The input of the program is a sequence of building triplets. The triplets are sorted by L_i (the left coordinate of the building) in ascending order.


A data structure challenge. Once I had the correct data structure … 迎刃而解

Q1 —– For any given x, determine the height in the skyline.
Note If x == R_i, then the ith building doesn’t count. In other words, If you look at the first building, the 1-to-5 range it covers is a half-open interval, sometimes written as [1,5) as this range includes 1 but excludes 5. You can think of [1,5) as [1, 4.99999999] approximately.

A1(brute force): look at each building and decide if it “covers” the point X. Given the pre-sort, most buildings aren’t relevant. A complete solution would be

Select max(h) from myTable t where t.l =< x < t.r

To support this solution, the objects could be stored in two sorted data structures, one sorted by L_i and one sorted by R_i.

Q2 —- draw the skyline.
A2: evaluate Q1 (i.e. get the height) at every L_i and R_i value. This solution is probably suboptimal.

Q2b (Leetcode Q218) —- draw the skyline by outputting a sequence of {x,h} pairs showing the change in height (represented by a new height h) at each vertical edge (marked by x).

Is it possible to do this in one scan after preprocessing the triplets with some clever data structures? [[EPI300]] may have a solution. Here’s my own proposal —

Pre-sort the N buildings into a list by L_i, and sort the same buildings into another list by R_i, and merge the 2 lists into a big sorted list of 2N pointers to N unique objects. Each building shows up twice. Each of the 2N entries consists of {building_object_id, x, boolean flag left_or_right }. We will go through this big list one-pass.

I convert this list into a sequence of “events” as we move along the x-axis. That’s why all left/right edges must be sorted into a single sequence.
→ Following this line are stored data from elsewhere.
Lemma psi_time (a : R) v : psi a v ord0 (inord 3) = a.
Proof. by rewrite mxE inordK. Qed.

Lemma psi_inj (a b : R) v w : psi a v = psi b w -> a = b /\ v = w.
Proof.
move=> E; split; first by rewrite -(psi_time a v) -(psi_time b w) E.
apply/rowP => c; have := congr1 (fun m : pt4 R => m ord0 (widen_ord (leqnSn 3) c)) E.
by rewrite !mxE /= ltn_eqF // inord_val.
Qed.

Lemma s_homo_lt : {in [pred n | (n <= M)%N] &, {homo s : a b / (a < b)%N >-> a < b}}.
Proof.
apply: Order.NatMonotonyTheory.homo_ltn_lt_in => [a b _ bM c /andP [_ cb]|a _].
  by rewrite inE (leq_trans (ltnW cb)).
exact: s_lt.
Qed.

Lemma label_point_inj (K K' : tetra R) l l' :
  injective (fun k => col (K k)) -> injective (fun k => col (K' k)) ->
  (l.1 <= M)%N -> (l'.1 <= M)%N -> (l.2 < 4)%N -> (l'.2 < 4)%N ->
  label_point K l = label_point K' l' -> l = l'.
Proof.
case: l l' => [t c] [t' c'] /= Kinj K'inj tM t'M c4 c'4 /psi_inj [Es /(congr1 col)].
rewrite !colvert_color // => /(congr1 val); rewrite /= !inordK // => ->.
congr pair; case: (ltngtP t t') => // [tt'|t't].
  by have := s_homo_lt tM t'M tt'; rewrite Es ltxx.
by have := s_homo_lt t'M tM t't; rewrite Es ltxx.
Qed.

Lemma mesh_vertex_label P P' i i' j j' r r' :
  mesh_pentatope P i j -> mesh_pentatope P' i' j' ->
  P r = P' r' -> vertex_label i j r = vertex_label i' j' r'.
Proof.
case=> iM j4 [K Kinj HP] [i'M j'4 [K' K'inj HP']]; rewrite HP HP'.
have [t1 c1] := vertex_label_lt i j4 (ltn_ord r).
have [t2 c2] := vertex_label_lt i' j'4 (ltn_ord r').
by apply: label_point_inj => //; [exact: leq_trans t1 iM | exact: leq_trans t2 i'M].
Qed.

Lemma mesh_pentatope_inj P i j : mesh_pentatope P i j -> injective P.
Proof.
move=> HP r r' /(mesh_vertex_label HP HP) /vertex_label_inj E.
by case: HP => _ j4 _; apply: ord_inj; apply: E.
Qed.

Lemma mesh_edge_time P i j : mesh_pentatope P i j ->
  (P (inord 0) + P (inord 4)) ord0 (inord 3) = s i + s i.+1.
Proof.
case=> _ j4 [K _ HP]; have [E0 E4] := vertex_label_edge i j4.
by rewrite mxE !HP !inordK // E0 E4 /label_point /= !psi_time.
Qed.

Lemma mesh_edge_neq P P' i i' j j' :
  mesh_pentatope P i j -> mesh_pentatope P' i' j' -> i != i' ->
  P' (inord 0) + P' (inord 4) <> P (inord 0) + P (inord 4).
Proof.
move=> HP HP' Hii' /(congr1 (fun m : pt4 R => m ord0 (inord 3))).
rewrite (mesh_edge_time HP) (mesh_edge_time HP'); apply/eqP.
have lt_edge a b : (a < b)%N -> (b < M)%N -> s a + s a.+1 < s b + s b.+1.
  move=> ab bM; have aM := ltn_trans ab bM.
  by rewrite ltrD // s_homo_lt // inE ltnW.
case: HP HP' => iM _ _ [i'M _ _]; case: (ltngtP i i') Hii' => // lt _.
  by rewrite gt_eqF // lt_edge.
by rewrite lt_eqF // lt_edge.
Qed.

Lemma shared_face_vertex P P' i i' j j' (i0 j0 : 'I_5) :
  mesh_pentatope P i j -> mesh_pentatope P' i' j' ->
  (forall r, r != i0 -> exists2 r', r' != j0 & P r = P' r') ->
  forall r r' : 'I_5, r != i0 -> vertex_label i j r = vertex_label i' j' r' -> P r = P' r'.
Proof.
move=> HP HP' face r r' Hr Er; have [r'' _ E] := face r Hr.
suff -> : r' = r'' by [].
have [_ j'4 _] := HP'; apply: ord_inj; apply: (vertex_label_inj (i := i') j'4).
by rewrite -Er; apply: mesh_vertex_label E.
Qed.

Lemma shared_face_labels_match P P' i i' j j' (i0 j0 : 'I_5) :
  mesh_pentatope P i j -> mesh_pentatope P' i' j' ->
  (forall r, r != i0 -> exists2 r', r' != j0 & P r = P' r') ->
  labels_match i j i' j' i0 j0.
Proof.
move=> HP HP' face; apply/allP => r; rewrite mem_iota add0n => /andP [_ r5].
apply/orP; case: (eqVneq r i0) => [|Hr]; [by left | right].
have [r' Hr' E] := face (Ordinal r5) Hr.
apply/hasP; exists (val r'); first by rewrite mem_iota ltn_ord.
by rewrite Hr' (mesh_vertex_label HP HP' E) eqxx.
Qed.

Lemma consistently_tagged_mesh P P' i i' j j' :
  mesh_pentatope P i j -> mesh_pentatope P' i' j' ->
  share_hyperface (P, 0%N) (P', 0%N) -> consistently_tagged (P, 0%N) (P', 0%N).
Proof.
move=> HP HP' [i0 [j0 [Hface /= Hneq]]].
have face r : r != i0 -> exists2 r', r' != j0 & P r = P' r'.
  by move=> Hr; have [r' [? ?]] := (Hface (P r)).1 (ex_intro _ r (conj Hr erefl)); exists r'.
have face_eq := shared_face_vertex HP HP' face.
have iP := mesh_pentatope_inj HP; have iP' := mesh_pentatope_inj HP'.
have [_ j4 _] := HP; have [_ j'4 _] := HP'.
have Hmatch := shared_face_labels_match HP HP' face.
case/or3P: (labels_match_cases j4 j'4 (ltn_ord i0) (ltn_ord j0) Hmatch).
- case/andP => /eqP /ord_inj Ej0 /allP Hagree; subst j0.
  apply: (consistently_tagged_agree 0 (q := i0)) => // [r Hr|]; last by move/esym.
  have r5 : val r \in iota 0 5 by rewrite mem_iota ltn_ord.
  have /orP [/eqP /ord_inj Er|/eqP E] := Hagree _ r5.
    by rewrite Er eqxx in Hr.
  exact/esym/face_eq.
- case/and4P => Hii' /eqP i00 /eqP j04 /allP Hshift.
  have Ei0 : i0 = inord 0 by apply: ord_inj; rewrite inordK.
  have Ej0 : j0 = inord 4 by apply: ord_inj; rewrite inordK.
  subst i0 j0; apply: consistently_tagged_shift => // [r r4||]; last first.
  + exact: mesh_edge_neq HP HP' Hii'.
  + by move/esym.
  apply/esym/face_eq; first by rewrite inord5_eq.
  by rewrite !inordK ?ltnS ?(ltnW r4) //; apply/eqP/Hshift; rewrite mem_iota.
case/and4P => Hii' /eqP i04 /eqP j00 /allP Hshift.
have Ei0 : i0 = inord 4 by apply: ord_inj; rewrite inordK.
have Ej0 : j0 = inord 0 by apply: ord_inj; rewrite inordK.
subst i0 j0; apply/consistently_tagged_sym/consistently_tagged_shift => // [r r4|].
  apply: face_eq; first by rewrite inord5_eq ?ltn_eqF // ltnW.
  by rewrite !inordK ?ltnS ?(ltnW r4) //; apply/esym/eqP/Hshift; rewrite mem_iota.
by apply: (mesh_edge_neq HP' HP); rewrite eq_sym.
Qed.

End Extrusion.

Theorem proposition1 (R : realType) (T : seq (tetra R)) (col : pt3 R -> 'I_4)
  (M : nat) (s : nat -> R) :
  conforming_mesh T ->
  four_coloring T col ->
  (forall i, (i < M)%N -> (s i < s i.+1)%R) ->
  consistent_tagging (extrude T col s M).
Proof.
move=> _ Hcol s_lt.
exists (fun k => (nth (dflt_pent R) (extrude T col s M) k, 0%N)); split.
  by move=> k _; split=> //; exists 1%g => r; rewrite perm1.
move=> k l Hk Hl Hsh.
have [i [j HP]] := nth_extrude Hcol Hk.
have [i' [j' HP']] := nth_extrude Hcol Hl.
exact: (consistently_tagged_mesh s_lt HP HP' Hsh).
Qed.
Main scan — As we hit the left edge of a building, we include this building in the Alive container (probably a BST). In Alive, we keep the buildings sorted by height. We also maintain a lookup table { building_id, pointer/iterator into Alive}. As we hit the right edge of a building, we remove it from Alive. (No need to remove from lookup since we won’t see the same building again.)

As we hit any edge, we need to determine the impact on the skyline if any. This is when we make use of the Alive system. For any edge, there’s impact iff the target building is taller than all other in Alive.

data structure to hold spreadsheet content

Q: Assume string content in each cell. As a start let’s target 1,000,000 rows by 1,000,000 columns. Goals
– memory
– random access
– growable

%%A: Intermediate solution (good habit): a 3-column DB table with a composite key (row,col). Now how do we represent this in a data structure. First attempt would be a hashmap whose key is a customized big integer. Higher 64 bits represent row numbr, while lower half col number. Value is a reference with Copy-on-write. Hash access with a given (row,col) is …. considered random access with O(1).

Now I think a second try would be a hashmap where
main key -> row number
value -> sub-hashmap, where
sub-key -> col number

The other of the twin hashmap keeps col numbers as main keys. Every update to the spreadsheet requires updates to both.